*Task to complete*: Look through the records below for the line with "Variable C : Category." and the line with "Definition has_pullbacks_along_monos : Prop", then return those lines and all lines between, exactly.

+--

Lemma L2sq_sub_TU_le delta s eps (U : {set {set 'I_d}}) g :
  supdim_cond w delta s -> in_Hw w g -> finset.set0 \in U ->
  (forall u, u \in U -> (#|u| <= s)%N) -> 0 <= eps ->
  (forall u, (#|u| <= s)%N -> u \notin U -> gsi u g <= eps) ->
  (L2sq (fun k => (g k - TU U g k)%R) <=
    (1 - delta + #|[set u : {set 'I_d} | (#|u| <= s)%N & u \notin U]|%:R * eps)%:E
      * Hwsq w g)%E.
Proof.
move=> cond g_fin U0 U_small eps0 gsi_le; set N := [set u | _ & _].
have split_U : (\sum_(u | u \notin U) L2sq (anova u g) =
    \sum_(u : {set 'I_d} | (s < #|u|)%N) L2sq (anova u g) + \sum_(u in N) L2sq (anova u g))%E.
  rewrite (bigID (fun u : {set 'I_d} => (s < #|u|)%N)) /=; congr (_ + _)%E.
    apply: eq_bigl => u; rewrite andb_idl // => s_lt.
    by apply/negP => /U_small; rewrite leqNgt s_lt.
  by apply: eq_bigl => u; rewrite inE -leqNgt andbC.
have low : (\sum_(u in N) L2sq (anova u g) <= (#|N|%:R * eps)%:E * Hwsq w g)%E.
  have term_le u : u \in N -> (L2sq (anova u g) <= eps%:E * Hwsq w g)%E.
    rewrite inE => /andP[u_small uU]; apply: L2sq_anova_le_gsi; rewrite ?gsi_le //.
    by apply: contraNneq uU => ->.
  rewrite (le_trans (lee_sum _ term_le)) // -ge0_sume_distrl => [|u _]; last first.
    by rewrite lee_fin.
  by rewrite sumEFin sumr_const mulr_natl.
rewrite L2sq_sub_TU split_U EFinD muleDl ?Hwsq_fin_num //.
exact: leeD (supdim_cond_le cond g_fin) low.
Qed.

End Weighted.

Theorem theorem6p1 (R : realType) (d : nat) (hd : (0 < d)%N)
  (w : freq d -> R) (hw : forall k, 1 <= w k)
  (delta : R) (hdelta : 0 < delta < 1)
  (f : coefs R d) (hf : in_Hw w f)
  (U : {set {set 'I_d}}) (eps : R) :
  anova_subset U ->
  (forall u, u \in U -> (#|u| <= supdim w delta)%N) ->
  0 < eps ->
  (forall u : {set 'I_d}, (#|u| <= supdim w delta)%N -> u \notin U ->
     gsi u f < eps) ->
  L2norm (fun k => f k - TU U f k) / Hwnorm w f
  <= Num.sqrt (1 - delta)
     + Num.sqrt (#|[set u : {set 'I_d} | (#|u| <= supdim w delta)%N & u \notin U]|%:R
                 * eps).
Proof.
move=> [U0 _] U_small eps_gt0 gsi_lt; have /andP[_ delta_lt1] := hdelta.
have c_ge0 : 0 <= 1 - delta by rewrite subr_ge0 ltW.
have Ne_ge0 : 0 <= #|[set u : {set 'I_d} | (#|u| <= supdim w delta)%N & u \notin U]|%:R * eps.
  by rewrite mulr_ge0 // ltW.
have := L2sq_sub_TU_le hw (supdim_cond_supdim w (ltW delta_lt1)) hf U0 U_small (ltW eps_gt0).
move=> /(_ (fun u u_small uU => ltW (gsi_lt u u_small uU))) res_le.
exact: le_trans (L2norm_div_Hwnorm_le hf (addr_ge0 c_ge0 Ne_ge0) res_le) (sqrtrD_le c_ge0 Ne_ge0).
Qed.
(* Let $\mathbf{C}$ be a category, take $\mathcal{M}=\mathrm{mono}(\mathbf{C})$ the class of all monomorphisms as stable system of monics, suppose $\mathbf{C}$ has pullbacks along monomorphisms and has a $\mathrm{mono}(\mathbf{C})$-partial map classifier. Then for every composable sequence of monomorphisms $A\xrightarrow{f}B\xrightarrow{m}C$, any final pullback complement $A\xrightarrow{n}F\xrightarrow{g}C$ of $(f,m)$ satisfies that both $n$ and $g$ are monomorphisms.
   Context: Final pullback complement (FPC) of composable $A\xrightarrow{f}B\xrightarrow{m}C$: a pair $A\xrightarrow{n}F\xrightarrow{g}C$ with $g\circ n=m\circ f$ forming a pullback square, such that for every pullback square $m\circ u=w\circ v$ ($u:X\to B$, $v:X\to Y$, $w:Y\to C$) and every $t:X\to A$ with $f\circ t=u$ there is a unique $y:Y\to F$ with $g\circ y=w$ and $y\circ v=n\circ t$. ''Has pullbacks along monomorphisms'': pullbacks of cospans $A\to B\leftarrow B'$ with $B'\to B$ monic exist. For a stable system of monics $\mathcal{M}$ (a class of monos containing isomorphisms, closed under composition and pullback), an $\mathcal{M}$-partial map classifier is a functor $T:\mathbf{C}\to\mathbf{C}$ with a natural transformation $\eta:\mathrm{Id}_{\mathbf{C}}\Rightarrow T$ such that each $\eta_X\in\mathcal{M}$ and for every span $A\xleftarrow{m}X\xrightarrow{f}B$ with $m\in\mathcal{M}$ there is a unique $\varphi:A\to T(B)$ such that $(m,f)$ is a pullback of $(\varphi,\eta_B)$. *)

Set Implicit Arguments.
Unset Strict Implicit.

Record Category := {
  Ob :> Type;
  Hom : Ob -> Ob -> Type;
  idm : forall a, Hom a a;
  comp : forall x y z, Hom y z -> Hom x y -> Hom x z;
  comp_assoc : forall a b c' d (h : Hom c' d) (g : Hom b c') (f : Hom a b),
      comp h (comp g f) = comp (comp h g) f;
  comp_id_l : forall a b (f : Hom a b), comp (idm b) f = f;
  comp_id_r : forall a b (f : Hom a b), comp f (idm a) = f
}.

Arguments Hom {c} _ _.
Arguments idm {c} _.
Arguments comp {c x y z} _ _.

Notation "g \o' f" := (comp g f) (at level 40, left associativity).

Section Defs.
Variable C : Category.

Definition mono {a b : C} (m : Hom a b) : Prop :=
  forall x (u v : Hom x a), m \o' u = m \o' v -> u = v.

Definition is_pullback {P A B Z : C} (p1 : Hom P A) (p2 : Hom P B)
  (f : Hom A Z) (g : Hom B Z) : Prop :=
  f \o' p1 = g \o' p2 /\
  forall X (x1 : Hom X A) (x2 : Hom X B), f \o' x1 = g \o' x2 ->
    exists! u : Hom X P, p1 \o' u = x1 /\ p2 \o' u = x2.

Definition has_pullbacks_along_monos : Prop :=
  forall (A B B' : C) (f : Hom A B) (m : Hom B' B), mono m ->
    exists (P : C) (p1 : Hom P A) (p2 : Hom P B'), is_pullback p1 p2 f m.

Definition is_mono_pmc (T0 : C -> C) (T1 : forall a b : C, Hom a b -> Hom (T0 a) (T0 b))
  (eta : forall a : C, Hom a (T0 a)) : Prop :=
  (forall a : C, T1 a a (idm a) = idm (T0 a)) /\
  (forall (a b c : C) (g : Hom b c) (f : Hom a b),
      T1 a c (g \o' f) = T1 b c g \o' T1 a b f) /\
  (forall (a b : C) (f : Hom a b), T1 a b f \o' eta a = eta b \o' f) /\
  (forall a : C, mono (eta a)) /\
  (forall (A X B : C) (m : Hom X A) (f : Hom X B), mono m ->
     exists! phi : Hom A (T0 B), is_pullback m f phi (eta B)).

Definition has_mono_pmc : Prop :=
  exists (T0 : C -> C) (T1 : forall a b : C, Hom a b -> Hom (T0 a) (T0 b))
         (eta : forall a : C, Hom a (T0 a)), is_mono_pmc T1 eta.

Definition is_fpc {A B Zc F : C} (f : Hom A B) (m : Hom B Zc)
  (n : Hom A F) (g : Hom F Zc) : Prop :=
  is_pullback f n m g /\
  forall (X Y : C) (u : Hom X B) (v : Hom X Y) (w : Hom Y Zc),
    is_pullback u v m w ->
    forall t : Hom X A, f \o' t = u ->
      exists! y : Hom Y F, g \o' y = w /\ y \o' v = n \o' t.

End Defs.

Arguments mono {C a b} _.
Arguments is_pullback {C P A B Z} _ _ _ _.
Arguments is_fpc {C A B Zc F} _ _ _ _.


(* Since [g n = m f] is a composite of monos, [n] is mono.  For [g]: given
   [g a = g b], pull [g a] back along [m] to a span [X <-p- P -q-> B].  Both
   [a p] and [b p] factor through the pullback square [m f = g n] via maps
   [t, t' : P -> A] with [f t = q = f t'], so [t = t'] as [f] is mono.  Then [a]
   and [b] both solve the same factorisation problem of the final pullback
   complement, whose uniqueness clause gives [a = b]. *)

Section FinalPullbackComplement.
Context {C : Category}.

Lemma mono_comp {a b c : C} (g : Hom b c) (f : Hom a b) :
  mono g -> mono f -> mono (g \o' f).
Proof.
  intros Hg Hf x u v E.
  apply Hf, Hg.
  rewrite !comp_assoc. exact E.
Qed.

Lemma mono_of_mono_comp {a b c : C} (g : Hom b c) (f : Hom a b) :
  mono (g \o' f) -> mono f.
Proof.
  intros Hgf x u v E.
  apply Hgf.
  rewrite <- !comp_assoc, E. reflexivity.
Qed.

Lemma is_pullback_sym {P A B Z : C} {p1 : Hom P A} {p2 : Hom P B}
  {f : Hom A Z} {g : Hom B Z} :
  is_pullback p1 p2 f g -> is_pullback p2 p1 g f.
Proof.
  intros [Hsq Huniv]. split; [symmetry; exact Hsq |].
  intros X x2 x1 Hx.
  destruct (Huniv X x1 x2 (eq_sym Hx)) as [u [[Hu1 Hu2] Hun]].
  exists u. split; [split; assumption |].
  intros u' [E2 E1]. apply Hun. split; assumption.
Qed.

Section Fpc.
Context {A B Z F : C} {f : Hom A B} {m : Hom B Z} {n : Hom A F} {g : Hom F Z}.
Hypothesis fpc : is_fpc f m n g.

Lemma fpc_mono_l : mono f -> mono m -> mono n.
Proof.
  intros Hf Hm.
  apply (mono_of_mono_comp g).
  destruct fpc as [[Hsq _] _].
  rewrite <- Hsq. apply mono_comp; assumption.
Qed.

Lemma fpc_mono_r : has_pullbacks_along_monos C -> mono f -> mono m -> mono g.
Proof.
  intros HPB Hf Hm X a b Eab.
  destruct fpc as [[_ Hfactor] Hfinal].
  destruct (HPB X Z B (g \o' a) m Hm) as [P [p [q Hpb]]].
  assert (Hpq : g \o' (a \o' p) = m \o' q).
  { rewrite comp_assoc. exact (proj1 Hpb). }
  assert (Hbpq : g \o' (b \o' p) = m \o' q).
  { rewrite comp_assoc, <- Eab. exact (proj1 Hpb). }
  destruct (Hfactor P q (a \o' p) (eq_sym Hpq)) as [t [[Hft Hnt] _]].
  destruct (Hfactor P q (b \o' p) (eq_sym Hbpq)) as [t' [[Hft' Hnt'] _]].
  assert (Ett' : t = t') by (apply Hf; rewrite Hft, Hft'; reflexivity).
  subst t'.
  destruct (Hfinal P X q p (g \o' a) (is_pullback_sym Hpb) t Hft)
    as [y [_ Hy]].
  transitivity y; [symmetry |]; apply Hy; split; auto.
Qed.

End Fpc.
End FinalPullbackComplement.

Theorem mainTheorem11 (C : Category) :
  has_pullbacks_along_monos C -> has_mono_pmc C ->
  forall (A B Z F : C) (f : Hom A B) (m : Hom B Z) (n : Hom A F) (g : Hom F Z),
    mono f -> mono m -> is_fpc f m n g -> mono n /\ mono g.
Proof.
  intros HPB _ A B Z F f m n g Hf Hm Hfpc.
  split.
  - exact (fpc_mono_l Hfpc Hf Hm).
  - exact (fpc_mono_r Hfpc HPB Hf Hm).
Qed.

+--

*Answer box*:
Variable C : Category.

Definition mono {a b : C} (m : Hom a b) : Prop :=
  forall x (u v : Hom x a), m \o' u = m \o' v -> u = v.

Definition is_pullback {P A B Z : C} (p1 : Hom P A) (p2 : Hom P B)
  (f : Hom A Z) (g : Hom B Z) : Prop :=
  f \o' p1 = g \o' p2 /\
  forall X (x1 : Hom X A) (x2 : Hom X B), f \o' x1 = g \o' x2 ->
    exists! u : Hom X P, p1 \o' u = x1 /\ p2 \o' u = x2.

Definition has_pullbacks_along_monos : Prop :=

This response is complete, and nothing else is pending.